The use of filter-purified merozoites has been championed by Boyle and Beeson and the vast majority of the published studies utilizing this merozoite purification method have come from their laboratory or close collaborators. By their own admission, their assay is “more sensitive than standard growth inhibition assays” (Boyle et al., 2010) which could be interpreted as saying that the merozoites are more susceptible to inhibition than naturally egressed merozoites (Figure 3C and 3D, (Boyle et al., 2010)). We propose that the increased susceptibility to inhibition by antibodies is due to damage from excessive manipulation during the purification process. In addition to filtration, depending on the protocol used by Boyle and Beeson, this could also include an additional purification step through magnetic columns to remove hemozoin. The damage to the merozoites is reflected in the fact that an extremely high ratio of purified merozoites to RBCs (~ 6:1) is needed to attain a parasitemia of ~ 1.8% after 24/48 h (Figure S5B, (Boyle et al., 2010)). Assuming that 16 merozoites egress from one schizont, this merozoite to RBC ratio is equivalent to incubating target RBCs with a starting parasitemia of ~ 27.3% (3 infected RBCs for 8 uninfected RBCs). By contrast, our invasion assays can easily achieve a parasitemia of 8% or higher with a starting parasitemia of 0.5 to 1%.

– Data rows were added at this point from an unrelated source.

(* Let $n \ge 3$. The commutator subgroup $TW_n'$ has the following presentation. Generators: $\beta(S;j)$ for every $j \in \{1,\dots,n-2\}$ and every (possibly empty) subset $S \subseteq \{1,\dots,j-1\}$. Defining relations: for every $t \in \{1,\dots,n-2\}$, every $j$ with $1 \le j \le t-2$, and every subset $S \subseteq \{1,\dots,t-1\}$: (i) if $j \in S$ and $j+1 \notin S$, then $\beta(S;t) = \beta(S\setminus\{j\};t)$; (ii) if $j \in S$ and $j+1 \in S$, then, writing $S_{<j} = \{i \in S : i < j\}$, $$\beta(S;t) = \beta(S_{<j};j)^{-1}\,\beta(S\setminus\{j\};t)\,\beta(S_{<j};j).$$ Here the generator $\beta(S;j)$ corresponds to the element of $TW_n$ defined in the context.
   Context: For $n \ge 2$, the twin group $TW_n$ is the group with generators $\tau_1,\dots,\tau_{n-1}$ and defining relations $\tau_i^2=1$ for all $i$, and $\tau_i\tau_j=\tau_j\tau_i$ whenever $|i-j|>1$. $G'$ denotes the commutator subgroup of a group $G$. For $1 \le j \le n-2$ and a subset $S=\{i_1<i_2<\dots<i_s\} \subseteq \{1,\dots,j-1\}$ (possibly empty), define $$\beta(S;j) := \tau_{i_1}\tau_{i_2}\cdots\tau_{i_s}\,(\tau_{j+1}\tau_j\tau_{j+1}\tau_j)\,\tau_{i_s}\cdots\tau_{i_2}\tau_{i_1}\in TW_n,$$ so that $\beta(\emptyset;j)=\tau_{j+1}\tau_j\tau_{j+1}\tau_j$. *)

(* Groups given by presentations are modelled concretely as
   words in generators and inverses modulo the congruence generated by free
   cancellation and the defining relations. *)
From mathcomp Require Import all_boot.
Set Implicit Arguments. Unset Strict Implicit. Unset Printing Implicit Defensive.

(* A word: a letter (a, false) is a, (a, true) is a^-1. *)
Definition word (A : Type) := seq (A * bool).

Definition winv (A : Type) (w : word A) : word A :=
  rev (map (fun p => (p.1, ~~ p.2)) w).

Inductive geqv (A : Type) (R : word A -> word A -> Prop) : word A -> word A -> Prop :=
| ge_refl w : geqv R w w
| ge_sym u v : geqv R u v -> geqv R v u
| ge_trans u v w : geqv R u v -> geqv R v w -> geqv R u w
| ge_cat u u' v v' : geqv R u u' -> geqv R v v' -> geqv R (u ++ v) (u' ++ v')
| ge_cancel (a : A) (b : bool) : geqv R [:: (a, b); (a, ~~ b)] [::]
| ge_rel u v : R u v -> geqv R u v.

Definition tw_gen (n : nat) := {i : nat | (0 < i < n)%N}.

Definition RTW (n : nat) (u v : word (tw_gen n)) : Prop :=
  (exists i : tw_gen n, u = [:: (i, false); (i, false)] /\ v = [::]) \/
  (exists i j : tw_gen n,
      ((val i).+1 < val j \/ (val j).+1 < val i)%N /\
      u = [:: (i, false); (j, false)] /\ v = [:: (j, false); (i, false)]).

(* the word tau_k (k is always a valid index where used) *)
Definition tau (n k : nat) : word (tw_gen n) :=
  match insub k with Some x => [:: (x, false)] | None => [::] end.

Definition wcomm (A : Type) (x y : word A) : word A :=
  winv x ++ winv y ++ x ++ y.

Definition in_commutator (n : nat) (u : word (tw_gen n)) : Prop :=
  exists ps : seq (word (tw_gen n) * word (tw_gen n)),
    geqv (@RTW n) u (flatten (map (fun p => wcomm p.1 p.2) ps)).

Definition bgen_ok (n : nat) (p : seq nat * nat) : bool :=
  [&& (0 < p.2)%N, (p.2 <= n.-2)%N, sorted ltn p.1 &
      all (fun i => (0 < i < p.2)%N) p.1].

Definition bgen (n : nat) := {p : seq nat * nat | bgen_ok n p}.

Definition beta_word (n : nat) (S : seq nat) (j : nat) : word (tw_gen n) :=
  flatten (map (tau n) S) ++ tau n j.+1 ++ tau n j ++ tau n j.+1 ++ tau n j
  ++ flatten (map (tau n) (rev S)).

Definition beta (n : nat) (g : bgen n) : word (tw_gen n) :=
  beta_word n (val g).1 (val g).2.

Definition ev (n : nat) (w : word (bgen n)) : word (tw_gen n) :=
  flatten (map (fun p => if p.2 then winv (beta p.1) else beta p.1) w).

Definition RB (n : nat) (u v : word (bgen n)) : Prop :=
  exists (g g' h : bgen n) (j : nat),
    let S := (val g).1 in let t := (val g).2 in
    [/\ (0 < j)%N, (j.+2 <= t)%N,
        val g' = (filter (predC1 j) S, t),
        val h = (filter (fun i => (i < j)%N) S, j) &
        ((j \in S /\ j.+1 \notin S /\ u = [:: (g, false)] /\ v = [:: (g', false)])
         \/
         (j \in S /\ j.+1 \in S /\ u = [:: (g, false)] /\
          v = [:: (h, true); (g', false); (h, false)]))].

We hypothesize that filtration is also causing stripping of merozoite surface proteins. Recent work has shown that merozoites can recruit the soluble complement regulator factor H (Kennedy et al., 2015, Rosa et al., 2015). We are concerned that filtration could also strip factor H or other complement regulators off merozoites making them more susceptible to complement. However, we are aware that the studies of factor H used filter-purified merozoites. Therefore, if stripping does occur, it does not lead to 100% removal of surface antigens.

Despite its shortcomings, we believe that the use of filter-purified merozoites can be a useful tool in the understanding of host-parasite interactions. However, we need to understand its limitations. In our hands (Biryukov et al., 2016), filter-purified merozoites are not equivalent to naturally egressed merozoites that are allowed to invade within minutes. Therefore, in our opinion, any invasion data that utilizes filter-purified merozoites should be interpreted with caution.

Sincerely,

José A. Stoute

Sergei Biryukov

The authors declare no conflict of interest.